(* For all $z\in\mathbb S^1$, $\mathrm n_-(b_z)\le2\dim(M)-\mathrm n_0(\gamma)$; if moreover $z$ is not an eigenvalue of $\mathfrak P$, then $\mathrm n_-(b_z)\le\dim(M)-\mathrm n_0(\gamma)$. Consequently, for every integer $N\ge1$, with $\omega=e^{2\pi i/N}$, $$0\le\sum_{k=0}^{N-1}\mathrm n_-(b_{\omega^k})\le N\big[\dim(M)-\mathrm n_0(\gamma)\big]+4\dim(M)^2-2\,\mathrm n_0(\gamma)\dim(M).$$
   Context: Let $(M,g)$ be a semi-Riemannian manifold of dimension $n$ and $\gamma:[0,1]\to M$ an orientation preserving closed geodesic, extended $1$-periodically. Fix a smooth $1$-periodic family of isomorphisms $T_t:\mathbb R^n\to T_{\gamma(t)}M$ with $g(T_te_i,T_te_j)=\epsilon_i\delta_{ij}$, $\epsilon_i\in\{\pm1\}$. Put $G(u,v)=\sum_j\epsilon_ju_j\bar v_j$ on $\mathbb C^n$. Let $\overline R_t=T_t^{-1}\circ R(\dot\gamma(t),T_t\,\cdot\,)\dot\gamma(t)$ (curvature $R(X,Y)=[\nabla_X,\nabla_Y]-\nabla_{[X,Y]}$) and $\Gamma_t$ defined by $T_t^{-1}\tfrac{D}{dt}\big(T_t\overline V(t)\big)=\overline V'(t)+\Gamma_t\overline V(t)$, extended $\mathbb C$-linearly. The Jacobi equation (J) is $V''+2\Gamma_rV'+(\Gamma_r'+\Gamma_r^2-\overline R_r)V=0$. The linearized Poincaré map $\mathfrak P:\mathbb C^{2n}\to\mathbb C^{2n}$ is $\mathfrak P(v,v')=\big(V(1),V'(1)+\Gamma_0V(1)\big)$ where $V$ solves (J) with $V(0)=v$, $V'(0)=v'-\Gamma_0v$. $\mathrm n_0(\gamma)$ is the dimension of the space of solutions of (J) with $V(0)=V(1)=0$. $\mathbb J^{(2)}_\gamma(z)=\{V\ \text{solution of (J)}:V(1)=zV(0)\}$ and $b_z$ is the Hermitian form on $\mathbb J^{(2)}_\gamma(z)$ given by $b_z(V,W)=G\big(\bar zV'(1)-V'(0),W(0)\big)$. $\mathrm n_-(b)$ is the index (maximal dimension of a negative definite subspace) of a Hermitian form $b$. *)

From Stdlib Require Import Reals ZArith.
Open Scope R_scope.

Definition Cx := (R * R)%type.
Definition C0 : Cx := (0, 0).
Definition RtoC (r : R) : Cx := (r, 0).
Definition Cadd (a b : Cx) : Cx := (fst a + fst b, snd a + snd b).
Definition Csub (a b : Cx) : Cx := (fst a - fst b, snd a - snd b).
Definition Cmul (a b : Cx) : Cx :=
  (fst a * fst b - snd a * snd b, fst a * snd b + snd a * fst b).
Definition Cconj (a : Cx) : Cx := (fst a, - snd a).
Definition Cnorm2 (a : Cx) : R := fst a * fst a + snd a * snd a.
Fixpoint Cpow (a : Cx) (k : nat) : Cx :=
  match k with O => (1, 0) | S k' => Cmul a (Cpow a k') end.
Fixpoint Csum (n : nat) (f : nat -> Cx) : Cx :=
  match n with O => C0 | S m => Cadd (Csum m f) (f m) end.
Fixpoint Rsum (n : nat) (f : nat -> R) : R :=
  match n with O => 0 | S m => Rsum m f + f m end.
Fixpoint Nsum (n : nat) (f : nat -> nat) : nat :=
  match n with O => 0%nat | S m => (Nsum m f + f m)%nat end.

Definition Cexpi (th : R) : Cx := (cos th, sin th).
Definition omega (N : nat) : Cx := Cexpi (2 * PI / INR N).

(* vectors are nat -> Cx; only indices < n are meaningful *)
Definition cvec := nat -> Cx.
Definition rmat := nat -> nat -> R.
Definition in_dim (n : nat) (v : cvec) : Prop := forall i, (n <= i)%nat -> v i = C0.
Definition matact (n : nat) (A : rmat) (v : cvec) : cvec :=
  fun i => Csum n (fun j => Cmul (RtoC (A i j)) (v j)).
Definition matmul (n : nat) (A B : rmat) : rmat :=
  fun i j => Rsum n (fun k => A i k * B k j).
Definition Gform (n : nat) (eps : nat -> R) (u v : cvec) : Cx :=
  Csum n (fun j => Cmul (RtoC (eps j)) (Cmul (u j) (Cconj (v j)))).

Definition Cinf (f : R -> R) : Prop :=
  exists d : nat -> R -> R,
    d O = f /\ forall k t, derivable_pt_lim (d k) t (d (S k) t).

Definition cderiv (n : nat) (V W : R -> cvec) : Prop :=
  forall i t, (i < n)%nat ->
    derivable_pt_lim (fun s => fst (V s i)) t (fst (W t i)) /\
    derivable_pt_lim (fun s => snd (V s i)) t (snd (W t i)).

(* ---------- the Jacobi equation (J) ----------
   V'' + 2 Gamma V' + (Gamma' + Gamma^2 - Rbar) V = 0 ,
   dGam is the derivative Gamma' of Gam. *)
Definition jacobi (n : nat) (Gam dGam Rb : R -> rmat) (V : R -> cvec) : Prop :=
  (forall t, in_dim n (V t)) /\
  exists V1 V2 : R -> cvec,
    cderiv n V V1 /\ cderiv n V1 V2 /\
    forall t i, (i < n)%nat ->
      Cadd (Cadd (V2 t i) (Cmul (RtoC 2) (matact n (Gam t) (V1 t) i)))
           (matact n (fun a b => dGam t a b + matmul n (Gam t) (Gam t) a b - Rb t a b)
                   (V t) i) = C0.

Definition lincomb (k : nat) (c : nat -> Cx) (Vs : nat -> R -> cvec) : R -> cvec :=
  fun t i => Csum k (fun j => Cmul (c j) (Vs j t i)).

Definition lin_indep (k : nat) (Vs : nat -> R -> cvec) : Prop :=
  forall c : nat -> Cx, (forall t i, lincomb k c Vs t i = C0) ->
    forall j, (j < k)%nat -> c j = C0.

Definition dim_is (S : (R -> cvec) -> Prop) (d : nat) : Prop :=
  (exists Vs, (forall j, (j < d)%nat -> S (Vs j)) /\ lin_indep d Vs) /\
  (forall k Vs, (forall j, (j < k)%nat -> S (Vs j)) -> lin_indep k Vs -> (k <= d)%nat).

(* solutions of (J) with V(0) = V(1) = 0 ; n_0(gamma) is its dimension *)
Definition J0 (n : nat) (Gam dGam Rb : R -> rmat) (V : R -> cvec) : Prop :=
  jacobi n Gam dGam Rb V /\ (forall i, V 0 i = C0) /\ (forall i, V 1 i = C0).

Definition Jz (n : nat) (Gam dGam Rb : R -> rmat) (z : Cx) (V : R -> cvec) : Prop :=
  jacobi n Gam dGam Rb V /\ forall i, V 1 i = Cmul z (V 0 i).

(* b_z(V,V) < 0, with b_z(V,W) = G( conj(z) V'(1) - V'(0), W(0) ) *)
Definition bz_neg (n : nat) (eps : nat -> R) (z : Cx) (V : R -> cvec) : Prop :=
  exists V1, cderiv n V V1 /\
    fst (Gform n eps (fun i => Csub (Cmul (Cconj z) (V1 1 i)) (V1 0 i)) (V 0)) < 0 /\
    snd (Gform n eps (fun i => Csub (Cmul (Cconj z) (V1 1 i)) (V1 0 i)) (V 0)) = 0.

Definition neg_space (n : nat) (eps : nat -> R) (Gam dGam Rb : R -> rmat) (z : Cx)
    (k : nat) (Vs : nat -> R -> cvec) : Prop :=
  (forall j, (j < k)%nat -> Jz n Gam dGam Rb z (Vs j)) /\
  (forall c : nat -> Cx, (exists j, (j < k)%nat /\ c j <> C0) ->
     bz_neg n eps z (lincomb k c Vs)).

Definition index_bz (n : nat) (eps : nat -> R) (Gam dGam Rb : R -> rmat) (z : Cx)
    (m : nat) : Prop :=
  (exists Vs, neg_space n eps Gam dGam Rb z m Vs) /\
  (forall k Vs, neg_space n eps Gam dGam Rb z k Vs -> (k <= m)%nat).

Definition poincare (n : nat) (Gam dGam Rb : R -> rmat) (v v' w w' : cvec) : Prop :=
  exists V V1 : R -> cvec,
    jacobi n Gam dGam Rb V /\ cderiv n V V1 /\
    forall i, (i < n)%nat ->
      V 0 i = v i /\
      V1 0 i = Csub (v' i) (matact n (Gam 0) v i) /\
      w i = V 1 i /\
      w' i = Cadd (V1 1 i) (matact n (Gam 0) (V 1) i).

Definition poincare_eig (n : nat) (Gam dGam Rb : R -> rmat) (z : Cx) : Prop :=
  exists v v' : cvec, in_dim n v /\ in_dim n v' /\
    (exists i, (i < n)%nat /\ (v i <> C0 \/ v' i <> C0)) /\
    exists w w', poincare n Gam dGam Rb v v' w w' /\
      forall i, (i < n)%nat -> w i = Cmul z (v i) /\ w' i = Cmul z (v' i).

(* The proof combines three general facts.
   - Linear algebra: at most d vectors of C^d are linearly independent
     (Gaussian elimination), and eigenvectors of a linear relation that only
     relates 0 to 0 are independent when their eigenvalues are distinct.
   - Uniqueness for (J): a solution with V(0) = V'(0) = 0 vanishes
     identically (Gronwall's inequality for |V|^2 + |V'|^2).
   - Conservation: for two solutions V, W of (J) the form
     G(V' + Gamma V, W) - G(V, W' + Gamma W) is constant in t, because
     Gamma is G-skew and Rbar is G-symmetric.
   The first bound n_-(b_z) <= n <= 2n - n_0 holds because V |-> V(0) is
   injective on a b_z-negative space and V |-> V'(0) is injective on the
   space of solutions vanishing at 0 and 1.  When z is not an eigenvalue of
   the Poincare map, the vectors conj(z) U'(1) - U'(0) for U in a basis of
   that space are independent and, by conservation, G-orthogonal to the
   initial values of J(z); together with eps W(0) for W in a negative space
   they give n_0 + n_-(b_z) independent vectors of C^n.  Finally the N-th
   roots of unity are pairwise distinct, so at most 2n of them are
   eigenvalues of the Poincare map, which yields the bound on the sum. *)

From Stdlib Require Import Reals ZArith Arith Lra Lia Classical ClassicalEpsilon
  FunctionalExtensionality.
Open Scope R_scope.

Lemma Ceq (a b : Cx) : fst a = fst b -> snd a = snd b -> a = b.
Proof. destruct a, b; simpl; intros; subst; auto. Qed.

Ltac cring := repeat match goal with x : Cx |- _ => destruct x end;
  unfold Cadd, Csub, Cmul, Cconj, RtoC, C0 in *; simpl in *; apply Ceq; simpl; ring.

Ltac cs := cbn [fst snd Cadd Csub Cmul RtoC C0 Cconj] in *.
Ltac split_eq H := let H1 := fresh H in let H2 := fresh H in
  pose proof (f_equal fst H) as H1; pose proof (f_equal snd H) as H2; clear H; cs.

Lemma Cadd_0l a : Cadd C0 a = a. Proof. cring. Qed.
Lemma Cmul_0r a : Cmul a C0 = C0. Proof. cring. Qed.
Lemma Cmul_comm a b : Cmul a b = Cmul b a. Proof. cring. Qed.
Lemma Cmul_assoc a b c : Cmul (Cmul a b) c = Cmul a (Cmul b c). Proof. cring. Qed.

Lemma Cadd_eq0 x y : Cadd x y = C0 -> x = Csub C0 y.
Proof. intro E. split_eq E. apply Ceq; cs; lra. Qed.
Lemma Csub_eq0 x y : Csub x y = C0 -> x = y.
Proof. intro E. split_eq E. apply Ceq; cs; lra. Qed.

Definition Cinv (a : Cx) : Cx := (fst a / Cnorm2 a, - snd a / Cnorm2 a).

Lemma Cnorm2_pos a : a <> C0 -> 0 < Cnorm2 a.
Proof.
  destruct a as [x y]; unfold Cnorm2, C0; simpl; intro H.
  destruct (Req_dec x 0), (Req_dec y 0); subst; try (exfalso; auto; fail); nra.
Qed.

Lemma Cmul_inv a : a <> C0 -> Cmul a (Cinv a) = (1, 0).
Proof.
  intro H; pose proof (Cnorm2_pos a H).
  destruct a as [x y]; unfold Cinv, Cmul, Cnorm2 in *; simpl in *.
  f_equal; field; lra.
Qed.

Lemma Cmul_eq0 a b : Cmul a b = C0 -> a = C0 \/ b = C0.
Proof.
  intro H. destruct (classic (a = C0)) as [|Ha]; auto. right.
  assert (E : Cmul (Cinv a) (Cmul a b) = b).
  { rewrite <- Cmul_assoc, (Cmul_comm (Cinv a)), Cmul_inv by auto. cring. }
  rewrite <- E, H. apply Cmul_0r.
Qed.

Lemma Cone_neq0 : ((1,0) : Cx) <> C0.
Proof. unfold C0; intro H; inversion H; lra. Qed.

Lemma Cmul_conj_unit z : Cnorm2 z = 1 -> Cmul z (Cconj z) = (1, 0).
Proof. destruct z as [a b]; unfold Cnorm2, Cmul, Cconj; simpl; intro H. apply Ceq; simpl; lra. Qed.

Lemma Csum_ext k f g : (forall j, (j < k)%nat -> f j = g j) -> Csum k f = Csum k g.
Proof. induction k; simpl; intros; auto. rewrite IHk by (intros; apply H; lia). rewrite H by lia; auto. Qed.
Lemma Rsum_ext k f g : (forall j, (j < k)%nat -> f j = g j) -> Rsum k f = Rsum k g.
Proof. induction k; simpl; intros; auto. rewrite IHk by (intros; apply H; lia). rewrite H by lia; auto. Qed.
Lemma Csum_zero k f : (forall j, (j < k)%nat -> f j = C0) -> Csum k f = C0.
Proof. induction k; simpl; intros; auto. rewrite IHk, H by (try intros; try apply H; lia). cring. Qed.
Lemma Csum_add k f g : Csum k (fun j => Cadd (f j) (g j)) = Cadd (Csum k f) (Csum k g).
Proof. induction k; simpl. cring. rewrite IHk. cring. Qed.
Lemma Csum_sub k f g : Csum k (fun j => Csub (f j) (g j)) = Csub (Csum k f) (Csum k g).
Proof. induction k; simpl. cring. rewrite IHk. cring. Qed.
Lemma Csum_scal k a f : Csum k (fun j => Cmul a (f j)) = Cmul a (Csum k f).
Proof. induction k; simpl. cring. rewrite IHk. cring. Qed.
Lemma Csum_scal_r k a f : Csum k (fun j => Cmul (f j) a) = Cmul (Csum k f) a.
Proof. induction k; simpl. cring. rewrite IHk. cring. Qed.
Lemma Csum_conj k f : Cconj (Csum k f) = Csum k (fun j => Cconj (f j)).
Proof. induction k; simpl. cring. rewrite <- IHk. cring. Qed.
Lemma Csum_swap k l (f : nat -> nat -> Cx) :
  Csum k (fun i => Csum l (fun j => f i j)) = Csum l (fun j => Csum k (fun i => f i j)).
Proof. induction k; simpl. symmetry; apply Csum_zero; auto. rewrite IHk, <- Csum_add. auto. Qed.
Lemma Csum_split a b f : Csum (a + b) f = Cadd (Csum a f) (Csum b (fun j => f (a + j)%nat)).
Proof.
  induction b; simpl. rewrite Nat.add_0_r; cring.
  rewrite Nat.add_succ_r; simpl. rewrite IHb. cring.
Qed.
Lemma fst_Csum k f : fst (Csum k f) = Rsum k (fun j => fst (f j)).
Proof. induction k; simpl; auto. rewrite IHk; auto. Qed.
Lemma snd_Csum k f : snd (Csum k f) = Rsum k (fun j => snd (f j)).
Proof. induction k; simpl; auto. rewrite IHk; auto. Qed.
Lemma RtoC_Rsum k f : RtoC (Rsum k f) = Csum k (fun j => RtoC (f j)).
Proof. induction k; simpl. auto. rewrite <- IHk. cring. Qed.

Lemma Rsum_add k f g : Rsum k (fun j => f j + g j) = Rsum k f + Rsum k g.
Proof. induction k; simpl. ring. rewrite IHk. ring. Qed.
Lemma Rsum_scal k a f : Rsum k (fun j => a * f j) = a * Rsum k f.
Proof. induction k; simpl. ring. rewrite IHk. ring. Qed.
Lemma Rsum_opp k f : Rsum k (fun j => - f j) = - Rsum k f.
Proof. induction k; simpl. ring. rewrite IHk; ring. Qed.
Lemma Rsum_const k c : Rsum k (fun _ => c) = INR k * c.
Proof. induction k; simpl Rsum. simpl; ring. rewrite IHk, S_INR; ring. Qed.
Lemma Rsum_le k f g : (forall j, (j<k)%nat -> f j <= g j) -> Rsum k f <= Rsum k g.
Proof.
  induction k; simpl; intros. lra.
  pose proof (H k ltac:(lia)). pose proof (IHk ltac:(intros; apply H; lia)). lra.
Qed.
Lemma Rsum_nonneg k f : (forall j, (j<k)%nat -> 0 <= f j) -> 0 <= Rsum k f.
Proof. intros. rewrite <- (Rmult_0_r (INR k)), <- Rsum_const. apply Rsum_le; auto. Qed.
Lemma Rsum_term k f j0 : (forall j, (j<k)%nat -> 0 <= f j) -> (j0 < k)%nat -> f j0 <= Rsum k f.
Proof.
  induction k; intros H Hj; simpl. lia.
  assert (0 <= Rsum k f) by (apply Rsum_nonneg; intros; apply H; lia).
  destruct (Nat.eq_dec j0 k). subst; lra.
  assert (f j0 <= Rsum k f) by (apply IHk; [intros; apply H|]; lia).
  pose proof (H k ltac:(lia)); lra.
Qed.
Lemma Rsum_zero_nonneg k f : (forall j, (j<k)%nat -> 0 <= f j) -> Rsum k f = 0 ->
  forall j, (j<k)%nat -> f j = 0.
Proof.
  intros Hp Hs j Hj. pose proof (Rsum_term k f j Hp Hj). pose proof (Hp j Hj). lra.
Qed.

-*-

ACTIVITY:
All that is wanted is a faithful reproduction of the line above with "From Stdlib Require Import Reals ZArith.", the line with "match n with O => 0 |", and every line in between.

TASK OUTPUT:
From Stdlib Require Import Reals ZArith.
Open Scope R_scope.

Definition Cx := (R * R)%type.
Definition C0 : Cx := (0, 0).
Definition RtoC (r : R) : Cx := (r, 0).
Definition Cadd (a b : Cx) : Cx := (fst a + fst b, snd a + snd b).
Definition Csub (a b : Cx) : Cx := (fst a - fst b, snd a - snd b).
Definition Cmul (a b : Cx) : Cx :=
  (fst a * fst b - snd a * snd b, fst a * snd b + snd a * fst b).
Definition Cconj (a : Cx) : Cx := (fst a, - snd a).
Definition Cnorm2 (a : Cx) : R := fst a * fst a + snd a * snd a.
Fixpoint Cpow (a : Cx) (k : nat) : Cx :=
  match k with O => (1, 0) | S k' => Cmul a (Cpow a k') end.
Fixpoint Csum (n : nat) (f : nat -> Cx) : Cx :=
  match n with O => C0 | S m => Cadd (Csum m f) (f m) end.
Fixpoint Rsum (n : nat) (f : nat -> R) : R :=
  match n with O => 0 | S m => Rsum m f + f m end.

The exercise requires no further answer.